# Audio ads playing in background



## watcher (Sep 4, 2006)

I have the strangest thing going on. When I get online at random music/ads/news stories start playing in the back ground. I've spent the better part of a day trying to find out how to get rid of it.

FYI, I'm running Windows 7 Home Premium on a Dell

I have ran SpyBot, Malwarebytes as well as McAfee and they found nothing. I then ran Malwarebytes and McAfee in safe mode, nothing. 

After that I did a restore to a point I don't remember having the problem and that worked, for about 2 hours. 

I have checked the net and found other people with the same problem but no one can tell me how to get rid of the problem.

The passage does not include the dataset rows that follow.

Lemma cvg_sum_fun (x : nat -> I -> R) (L : I -> R) :
  (forall i, x n i @[n --> \oo] --> L i) ->
  \sum_i x n i @[n --> \oo] --> \sum_i L i.
Proof. by move=> xL; apply: cvg_big => [|i _]; [exact: add_continuous|exact: xL]. Qed.

Lemma cvg_sqnorm (x : nat -> I -> R) (L : I -> R) :
  (forall i, x n i @[n --> \oo] --> L i) -> sqnorm (x n) @[n --> \oo] --> sqnorm L.
Proof. by move=> xL; apply: cvg_sum_fun => i; apply: cvgM. Qed.

Lemma cvg_fun_bounded (x : nat -> I -> R) (L : I -> R) :
  (forall i, x n i @[n --> \oo] --> L i) -> exists B, forall n i, `|x n i| <= B.
Proof.
move=> xL.
have xiB i : exists B, forall n, `|x n i| <= B.
  have xi : cvgn (fun n => x n i) by apply/cvg_ex; exists (L i).
  have [M [_ MB]] := cvg_seq_bounded xi.
  by exists (M + 1) => n; apply: (MB (M + 1)); rewrite ?ltrDl.
have [B xB] := choice xiB.
exists (norm1 B) => n i.
exact: le_trans (xB i n) (le_trans (ler_norm _) (norm1_ge B i)).
Qed.

Lemma norm1_lim (x : nat -> I -> R) (L : I -> R) (c : R) :
  (forall i, x n i @[n --> \oo] --> L i) -> (forall n, norm1 (x n) = c) -> norm1 L = c.
Proof.
move=> xL xc.
have xnL : norm1 (x n) @[n --> \oo] --> norm1 L.
  exact: cvg_sum_fun (fun i => cvg_norm (xL i)).
have xn_cst : (fun n => norm1 (x n)) = fun=> c by apply/funext.
by rewrite xn_cst in xnL; rewrite -(cvg_lim _ xnL) // lim_cst.
Qed.

Definition seq_closed K := forall (x : nat -> I -> R) L,
  (forall n, K (x n)) -> (forall i, x n i @[n --> \oo] --> L i) -> K L.

Lemma nearest_point_exists K p v0 : K v0 -> seq_closed K ->
  exists2 q, K q & forall v, K v -> sqnorm (p \- q) <= sqnorm (p \- v).
Proof.
move=> Kv0 Kcl.
pose E := [set sqnorm (p \- v) | v in K].
have Einf : has_inf E.
  split; first by exists (sqnorm (p \- v0)), v0.
  by exists 0 => _ [v _ <-]; exact: sqnorm_ge0.
pose d := inf E.
have near_inf n : exists v, K v /\ sqnorm (p \- v) < d + n.+1%:R^-1.
  by have [_ [v Kv <-] lt] := inf_adherent (harmonic_gt0 n) Einf; exists v.
have [x /all_and2[xK xd]] := choice near_inf.
have xB n i : `|x n i| <= norm1 p + d + 2.
  have pi_le := norm1_ge p i.
  have sq := sqr_le_sqnorm (p \- x n) i.
  have lt1 : sqnorm (p \- x n) < d + 1.
    by apply: lt_le_trans (xd n) _; rewrite lerD2l invf_le1 ?ler1n ?ltr0n.
  have := ler_normB (p i) (p i - x n i); rewrite opprB addrC subrK.
  have := real_normK (num_real (p i - x n i)).
  have := normr_ge0 (p i - x n i); rewrite /= in sq; nra.
have [f finc [q xq]] := bounded_seq_cvg_subseq xB.
have Kq : K q by apply: (Kcl (fun n => x (f n))) => // n; exact: xK.
suff dq : sqnorm (p \- q) <= d.
  by exists q => // v Kv; apply: le_trans dq (ge_inf Einf.2 _); exists v.
have pxq : forall i, (p \- x (f n)) i @[n --> \oo] --> (p \- q) i.
  by move=> i; apply: cvgB => //; exact: cvg_cst.
have dn : d + (f n).+1%:R^-1 @[n --> \oo] --> d.
  rewrite -[X in _ --> X]addr0; apply: cvgD; first exact: cvg_cst.
  exact: cvg_subseq finc cvg_harmonic.
apply: ler_cvg_to (cvg_sqnorm pxq) dn _.
by near=> n; apply: ltW; exact: xd.
Unshelve. all: by end_near. Qed.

Anyone heard about anything like this and more importantly how to kill it?


----------



## Nevada (Sep 9, 2004)

I had this once. It's malware. In my case it I couldn't hear the ad content because it actually played two ads at the same time, so the ads weren't effective anyway.

It's a nasty problem. I never tracked down exactly what virus it was. The one thing I learned early was that it was tied to Internet Explorer. That allowed me to use Firefox until I had a chance to deal with the problem definitively. As long as I didn't open IE the ads didn't play. If IE was opened accidentally and the ads started, rebooting stopped it.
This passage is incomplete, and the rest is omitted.